The passing city streets, and the phone in her hands where she scrolled through her social media feed, held her attention up until the moment Adam spoke again from the front seat. Although, this time he talked to her, and not someone through the Bluetooth. He navigated the inner-city traffic with ease, and patience—driving relaxes me, he would say.
“Do you know what we Italians respect the most, Vanna?”
When her father spoke, Vanna always listened. Her friends, the few she did make at her private high school, never understood why she preferred spending time with her father instead of doing something with them.
“Do you?” he asked again, dark eyes darting to the Mercedes rearview mirror to meet her stare in the back seat.
“God.”
He smiled. “And?”
“Family.”
Adam tilted his head to the side. “That depends on—”
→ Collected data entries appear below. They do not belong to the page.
Lemma weight_preserved (psi : 'I_n -> 'I_n) :
  injective psi -> (forall k l, B (psi k) (psi l) = B k l) ->
  (forall s, \sum_x a x * \prod_(k <- s) B (psi k) x = \sum_x a x * col_prod s x) ->
  forall y, a (psi y) = a y.
Proof.
move=> psi_inj psiB psi_star y; apply/eqP; rewrite -subr_eq0; apply/eqP.
pose w x := a (psi x) - a x; rewrite -/(w y).
apply: (separating_orth0 col_prod_cat (u := [::])) => [x|x z|s].
- exact: big_nil.
- exact: col_prod_separates.
rewrite /w; under eq_bigr do rewrite mulrBl.
rewrite sumrB -psi_star [X in _ - X](reindex_inj psi_inj) /=.
by under [X in _ - X]eq_bigr do under eq_bigr do rewrite psiB; rewrite subrr.
Qed.

Lemma lhom_id_aut (psi : {ffun 'I_n -> 'I_n}) :
  (forall H, lhom a B H psi = lhom a B H [ffun k => k]) ->
  [/\ injective psi, forall k, a (psi k) = a k & forall k l, B (psi k) (psi l) = B k l].
Proof.
move=> psi_id.
have psiB k l : B (psi k) (psi l) = B k l.
  by have := psi_id (lgraph_edge k l); rewrite !lhom_edge !ffunE.
have psi_inj : injective psi.
  by move=> k l E; apply: twin_free_eq => j; rewrite -psiB -[RHS]psiB E.
split => //; apply: weight_preserved psi_inj psiB _ => s.
have := psi_id (lgraph_star s); rewrite !lhom_star => ->.
by under eq_bigr do under eq_bigr do rewrite ffunE.
Qed.

End AutomorphismRecognition.

Section RootSimilarity.
Variables (K : fieldType) (n : nat) (a : 'I_n -> K) (B : 'M[K]_n).
Hypotheses (charK : [pchar K] =i pred0) (a_neq0 : forall i, a i != 0).
Hypotheses (symB : B^T = B) (tfB : twin_free B).

Lemma perm_autG psi (psi_inj : injective psi) :
  (forall k, a (psi k) = a k) -> (forall k l, B (psi k) (psi l) = B k l) ->
  perm psi_inj \in autG a B.
Proof.
move=> psi_a psi_B; rewrite inE; apply/andP; split; apply/forallP => k.
  by rewrite permE psi_a.
by apply/forallP => l; rewrite !permE psi_B.
Qed.

Lemma label_sum_diff i j f :
  \sum_(psi : {ffun 'I_n -> 'I_n})
     ((psi i == j)%:R / a j - (psi i == i)%:R / a i) * (\prod_m a (psi m)) * f psi
  = label_sum a i f j / a j - label_sum a i f i / a i.
Proof.
under eq_bigr do rewrite !mulrBl.
rewrite sumrB /label_sum !mulr_suml [in RHS]big_mkcond [X in _ = _ - X]big_mkcond /=.
by congr (_ - _); apply: eq_bigr => psi _; case: eqP => _ /=;
  rewrite ?mul0r // div1r -mulrA mulrC.
Qed.

Lemma label_sum_spanned i j f :
  (forall F, nrhom a B F i = nrhom a B F j) -> spanned (lhom a B) f ->
  label_sum a i f j / a j = label_sum a i f i / a i.
Proof.
move=> ij fs; apply/eqP; rewrite -subr_eq0 -label_sum_diff; apply/eqP.
apply: spanned_orth fs => H.
by rewrite label_sum_diff -!rhom_unlabel -!/(nrhom _ _ _ _) ij subrr.
Qed.

Lemma label_sum_invariant (e : {ffun 'I_n -> 'I_n} -> K) i k :
  (forall psi, e psi != 0 -> forall m, a (psi m) = a m) ->
  label_sum a i e k = (\prod_m a m) * \sum_(psi : {ffun 'I_n -> 'I_n} | psi i == k) e psi.
Proof.
move=> e_a; rewrite mulr_sumr; apply: eq_bigr => psi _.
have [->|/e_a psi_a] := eqVneq (e psi) 0; first by rewrite !mulr0.
by congr (_ * _); apply: eq_bigr => m _; rewrite psi_a.
Qed.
“Their loyalty to the clan.”
If her father thought he would trip her up with that question, she had a surprise for him. Fifteen years of her life spent under his feet taught her a great many things—the most prominent, and constant, lessons had been about their ways; their rules.
The Camorra way.
The mafia life.
“Good, good. But no, those aren’t the things I mean.”
Vanna frowned, chewing over her thoughts as she tried to pinpoint the lesson her father hinted at with his question. He smiled briefly, the strong line of his jaw softening when she glanced at his profile; it told her that he did, in fact, know he managed to make her hesitate with an answer.
“Maybe I posed the question wrong,” her father mused.
“Maybe?”
He chuckled. “If we hold God and family closest to our hearts, then what would we hold even closer, hmm?”
Ah.
Now she understood.
Their life in a nutshell.
Her father talked.
She listened.
Adam was all she had, after all. Her blood relatives were long gone. Her grandfather, Gabriel Canali, murdered, and her aunt—Elena, her father’s half-sister—had committed suicide shortly after, leaving Adam alone as the bastard son of a dead Camorra boss, with a criminal organization in ruins, and the clan in shambles. Shunned by his father before his murder, as his now-dead mother did her best to keep him away from the life, Adam was lower than dirt and treated the same for years after.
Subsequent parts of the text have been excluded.